IV. The stain is washed off with copper sulfate (20%)
V. The stain is washed off with copper sulfate (20%).
VI. Copper sulfate is drained and the smear is gently blot-dried.
VII. The slide is examined directly under oil-immersion.
Results:
The bacterial cells appear dark blue, encircled by blue violet coloured capsule indicating that the bacteria are capsulated.
Mechanism:
Crystal violet aqueous (85% dye content) is the primary stain, and on its application both the capsular material and the bacterial cell wall take the colour of the stain and appear dark blue. But the capsule being non-ionic fails to absorb the primary stain, while the cell wall being ionic absorbs it.
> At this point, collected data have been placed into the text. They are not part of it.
(** * Newton's identities *)

Definition lsum {X} (f : X -> R) (l : list X) : R := fold_right Rplus 0 (map f l).

Lemma lsum_ext {X} (f g : X -> R) l : (forall x, f x = g x) -> lsum f l = lsum g l.
Proof. intros Hfg; unfold lsum; induction l as [|x l IH]; simpl; [|rewrite Hfg, IH]; reflexivity. Qed.

Lemma lsum_app {X} (f : X -> R) l1 l2 : lsum f (l1 ++ l2) = lsum f l1 + lsum f l2.
Proof. unfold lsum; induction l1 as [|x l1 IH]; simpl; [|rewrite IH]; ring. Qed.

Lemma lsum_flat_map {X Y} (f : Y -> R) (g : X -> list Y) l :
  lsum f (flat_map g l) = lsum (fun x => lsum f (g x)) l.
Proof. induction l as [|x l IH]; [reflexivity|]; simpl; rewrite lsum_app, IH; reflexivity. Qed.

Lemma lsum_map {X Y} (f : Y -> R) (g : X -> Y) l : lsum f (map g l) = lsum (fun x => f (g x)) l.
Proof. unfold lsum; rewrite map_map; reflexivity. Qed.

Lemma lsum_seq (f : nat -> R) N : lsum f (seq 0 (S N)) = sum_f_R0 f N.
Proof.
  induction N as [|N IH]; [unfold lsum; simpl; ring|].
  rewrite seq_S, lsum_app, IH; unfold lsum; simpl; ring.
Qed.

Lemma lsum_scal {X} (f : X -> R) c l : lsum (fun x => c * f x) l = c * lsum f l.
Proof. unfold lsum; induction l as [|x l IH]; simpl; [|rewrite IH]; ring. Qed.

Lemma lsum_sum_f_R0 {X} (f : X -> nat -> R) l N :
  lsum (fun x => sum_f_R0 (f x) N) l = sum_f_R0 (fun n => lsum (fun x => f x n) l) N.
Proof.
  unfold lsum; induction l as [|x l IH]; simpl.
  - symmetry; apply sum_eq_R0; reflexivity.
  - rewrite IH, <- sum_plus; reflexivity.
Qed.

Lemma lsum_filter {X} (f : X -> R) (p : X -> bool) l :
  fold_right Rplus 0 (map f (filter p l)) = lsum (fun x => if p x then f x else 0) l.
Proof. unfold lsum; induction l as [|x l IH]; simpl; [|destruct (p x); simpl; rewrite IH]; ring. Qed.

Definition alt_sign (i : nat) : R := if Nat.even i then -1 else 1.

Lemma alt_sign_S i : alt_sign (S i) = - alt_sign i.
Proof. unfold alt_sign; rewrite Nat.even_succ, <- Nat.negb_even; destruct (Nat.even i); simpl; ring. Qed.

Definition pfactor (i a : nat) (y : nat -> R) : R :=
  (if Nat.even i then (-1) ^ a else 1) / INR (fact a) * (y i / INR i) ^ a.

Lemma pfactor_0 i y : pfactor i 0 y = 1.
Proof. unfold pfactor; destruct (Nat.even i); simpl; field. Qed.

Lemma pfactor_S i a y : (1 <= i)%nat ->
  INR (i * S a) * pfactor i (S a) y = alt_sign i * y i * pfactor i a y.
Proof.
  intros Hi; unfold pfactor, alt_sign; rewrite fact_simpl, !mult_INR.
  assert (0 < INR i) by (apply lt_0_INR; lia); pose proof (INR_S_pos a).
  pose proof (lt_0_INR _ (lt_O_fact a)).
  destruct (Nat.even i); simpl pow; field; lra.
Qed.

Definition Ppart (i L B w : nat) (y : nat -> R) : R :=
  lsum (fun m => if (weight i m =? w)%nat then pterm i y m else 0) (tuples L B).

Lemma P_Ppart k y : P k y = Ppart 1 k k k y.
Proof. apply lsum_filter. Qed.

Lemma Ppart_0 i B w y : Ppart i 0 B w y = if (w =? 0)%nat then 1 else 0.
Proof. unfold Ppart, lsum; destruct w; simpl; ring. Qed.

Lemma Ppart_S i L B w y : Ppart i (S L) B w y =
  sum_f_R0 (fun a => if (i * a <=? w)%nat then pfactor i a y * Ppart (S i) L B (w - i * a) y else 0) B.
Proof.
  unfold Ppart; cbn [tuples]; rewrite lsum_flat_map.
  rewrite (lsum_ext _ (fun t => sum_f_R0 (fun a => (if (i * a <=? w)%nat then pfactor i a y else 0) *
    (if (weight (S i) t =? w - i * a)%nat then pterm (S i) y t else 0)) B)).
  - rewrite lsum_sum_f_R0; apply sum_eq; intros a _; rewrite lsum_scal.
    destruct (i * a <=? w)%nat; ring.
  - intros t; rewrite lsum_map, lsum_seq; apply sum_eq; intros a _; simpl weight; simpl pterm.
    destruct (Nat.leb_spec (i * a) w), (Nat.eqb_spec (i * a + weight (S i) t) w),
      (Nat.eqb_spec (weight (S i) t) (w - i * a)); lia || (unfold pfactor; ring).
Qed.

Lemma Ppart_weight_0 L i B y : (1 <= i)%nat -> Ppart i L B 0 y = 1.
Proof.
  revert i; induction L as [|L IH]; intros i Hi; [apply Ppart_0|].
  rewrite Ppart_S, sum_f_R0_eq_first, Nat.mul_0_r; simpl; [rewrite pfactor_0, IH by lia; ring|].
  intros a Ha; destruct (Nat.leb_spec (i * a) 0); [nia | reflexivity].
Qed.

Lemma Ppart_newton_head i L B w y : (1 <= i)%nat -> (w <= B)%nat ->
  sum_f_R0 (fun a => if (i * a <=? w)%nat
    then INR (i * a) * (pfactor i a y * Ppart (S i) L B (w - i * a) y) else 0) B =
  if (i <=? w)%nat then alt_sign i * y i * Ppart i (S L) B (w - i) y else 0.
Proof.
  intros Hi HwB; set (F := fun a => if (i * a <=? w)%nat
    then INR (i * a) * (pfactor i a y * Ppart (S i) L B (w - i * a) y) else 0).
  transitivity (sum_f_R0 F (S B)).
  { assert (HF : F (S B) = 0) by (unfold F; destruct (Nat.leb_spec (i * S B) w); [nia | ring]).
    rewrite tech5, HF; ring. }
  rewrite decomp_sum by lia; simpl pred.
  replace (F O) with 0 by (unfold F; rewrite Nat.mul_0_r; simpl; ring); rewrite Rplus_0_l.
  destruct (Nat.leb_spec i w) as [Hiw|Hiw].
  - rewrite Ppart_S, scal_sum; apply sum_eq; intros a _; unfold F.
    destruct (Nat.leb_spec (i * S a) w), (Nat.leb_spec (i * a) (w - i)); try nia; [|ring].
    rewrite <- Rmult_assoc, pfactor_S by lia.
    replace (w - i * S a)%nat with (w - i - i * a)%nat by nia; ring.
  - apply sum_eq_R0; intros a _; unfold F; destruct (Nat.leb_spec (i * S a) w); [nia | reflexivity].
Qed.

Lemma Ppart_newton_tail i L B w y :
  (forall v, (v <= w)%nat -> INR v * Ppart (S i) L B v y = sum_f_R0 (fun j =>
     if (S i <=? j)%nat then alt_sign j * y j * Ppart (S i) L B (v - j) y else 0) v) ->
  sum_f_R0 (fun a => if (i * a <=? w)%nat
    then pfactor i a y * (INR (w - i * a) * Ppart (S i) L B (w - i * a) y) else 0) B =
  sum_f_R0 (fun j => if (S i <=? j)%nat then alt_sign j * y j * Ppart i (S L) B (w - j) y else 0) w.
Proof.
  intros IH.
  transitivity (sum_f_R0 (fun a => sum_f_R0 (fun j =>
    if (S i <=? j)%nat then if (i * a + j <=? w)%nat
      then alt_sign j * y j * (pfactor i a y * Ppart (S i) L B (w - j - i * a) y) else 0 else 0) w) B).
  - apply sum_eq; intros a _; destruct (Nat.leb_spec (i * a) w).
    + rewrite IH, scal_sum, (sum_f_R0_guard_le_extend _ (w - i * a) w) by lia.
      apply sum_eq; intros j _.
      destruct (Nat.leb_spec j (w - i * a)), (Nat.leb_spec (S i) j), (Nat.leb_spec (i * a + j) w);
        try lia; try ring.
      replace (w - i * a - j)%nat with (w - j - i * a)%nat by lia; ring.
    + symmetry; apply sum_eq_R0; intros j _.
      destruct (S i <=? j)%nat; [destruct (Nat.leb_spec (i * a + j) w); [lia|]|]; reflexivity.
  - rewrite sum_f_R0_exchange; apply sum_eq; intros j Hj; destruct (S i <=? j)%nat.
    + rewrite Ppart_S, scal_sum; apply sum_eq; intros a _.
      destruct (Nat.leb_spec (i * a + j) w), (Nat.leb_spec (i * a) (w - j)); lia || ring.
    + apply sum_eq_R0; reflexivity.
Qed.

(* Newton's identity [w * e_w = sum_(j=1..w) (-1)^(j-1) p_j e_(w-j)] for the truncated sums,
   where [y j] plays the role of the power sum [p_j]. *)
Lemma Ppart_newton L : forall i B w y, (1 <= i)%nat -> (w <= B)%nat -> (w < i + L)%nat ->
  INR w * Ppart i L B w y =
  sum_f_R0 (fun j => if (i <=? j)%nat then alt_sign j * y j * Ppart i L B (w - j) y else 0) w.
Proof.
  induction L as [|L IH]; intros i B w y Hi HwB HwL.
  - rewrite sum_eq_R0, Ppart_0; [destruct w; simpl; ring|].
    intros j Hj; destruct (Nat.leb_spec i j); [lia | reflexivity].
  - rewrite sum_f_R0_guard_le_split, <- Ppart_newton_head, <- Ppart_newton_tail by
      (auto || (intros v Hv; apply IH; lia)).
    rewrite Ppart_S, scal_sum, <- sum_plus; apply sum_eq; intros a _.
    destruct (Nat.leb_spec (i * a) w); [rewrite minus_INR by lia; ring | ring].
Qed.

Lemma esym_sub_S k j n : esym (k - j) (S n) =
  esym (k - j) n + (if (j <? k)%nat then esym (k - S j) n / INR (S n) else 0).
Proof.
  destruct (Nat.ltb_spec j k).
  - replace (k - j)%nat with (S (k - S j)) by lia; apply esym_S_S.
  - replace (k - j)%nat with O by lia; simpl; ring.
Qed.

(* Induction on the number of variables: adjoining [x = 1/(n+1)] changes each power sum
   [Hr (S j)] by [x ^ S j], and these increments telescope to [x * esym k n] ([Hnew]). *)
Lemma esym_newton n k : INR (S k) * esym (S k) n =
  sum_f_R0 (fun j => alt_sign (S j) * Hr (S j) n * esym (k - j) n) k.
Proof.
  revert k; induction n as [|n IH]; intros k.
  - rewrite sum_eq_R0; [simpl; ring | intros j _; simpl; ring].
  - set (x := / INR (S n)).
    assert (Hold : sum_f_R0 (fun j => alt_sign (S j) * Hr (S j) n * esym (k - j) (S n)) k =
                   INR (S k) * esym (S k) n + x * (INR k * esym k n)).
    { rewrite (sum_eq _ (fun j => alt_sign (S j) * Hr (S j) n * esym (k - j) n +
        (if (j <? k)%nat then alt_sign (S j) * Hr (S j) n * esym (k - S j) n * x else 0)))
        by (intros j _; rewrite esym_sub_S; destruct (j <? k)%nat; unfold x, Rdiv; ring).
      rewrite sum_plus, <- IH; f_equal; destruct k as [|k]; [simpl; ring|].
      rewrite tech5, Nat.ltb_irrefl, Rplus_0_r, IH, scal_sum; apply sum_eq; intros j Hj.
      destruct (Nat.ltb_spec j (S k)); [|lia]; replace (S k - S j)%nat with (k - j)%nat by lia; ring. }
    assert (Hnew : sum_f_R0 (fun j => alt_sign (S j) * x ^ S j * esym (k - j) (S n)) k =
                   x * esym k n).
    { rewrite (sum_eq _ (fun j => if (j <? k)%nat
        then alt_sign (S j) * x ^ S j * esym (k - j) n
             - alt_sign (S (S j)) * x ^ S (S j) * esym (k - S j) n
        else alt_sign (S j) * x ^ S j * esym (k - j) n)).
      - rewrite (sum_f_R0_telescope_until (fun j => alt_sign (S j) * x ^ S j * esym (k - j) n)).
        rewrite Nat.sub_0_r; unfold alt_sign; simpl; ring.
      - intros j _; rewrite esym_sub_S, (alt_sign_S (S j)).
        destruct (j <? k)%nat; simpl pow; unfold x, Rdiv; ring. }
    rewrite esym_S_S, (sum_eq _ (fun j => alt_sign (S j) * Hr (S j) n * esym (k - j) (S n) +
      alt_sign (S j) * x ^ S j * esym (k - j) (S n))).
    2:{ intros j _; change (Hr (S j) (S n)) with (Hr (S j) n + / INR (S n) ^ S j).
        unfold x; rewrite pow_inv; ring. }
    rewrite sum_plus, Hold, Hnew, S_INR; unfold x, Rdiv; ring.
Qed.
Copper sulfate aqueous (20%) acts both as a decolourizing agent as well as a counter stain. On application, the copper sulfate first decolourizes, the capsule by removing crystal violet and then imparts blue violet colour to it. As a result, the capsule finally appears blue violet in contrast to the dark blue colour of the bacterial cell.
Precautions:
1. Heavy smear should be prepared to counter the removal of bacterial cells during washing.
2. Smear should not be heat-fixed because the heating results in shinkage which may create a clear zone surrounding the cell that is an artifact and that can be mistaken for the capsule.
3. Washing off the smear with water should be avoided because the capsular materials are water soluble and may be dislodged and removed with water.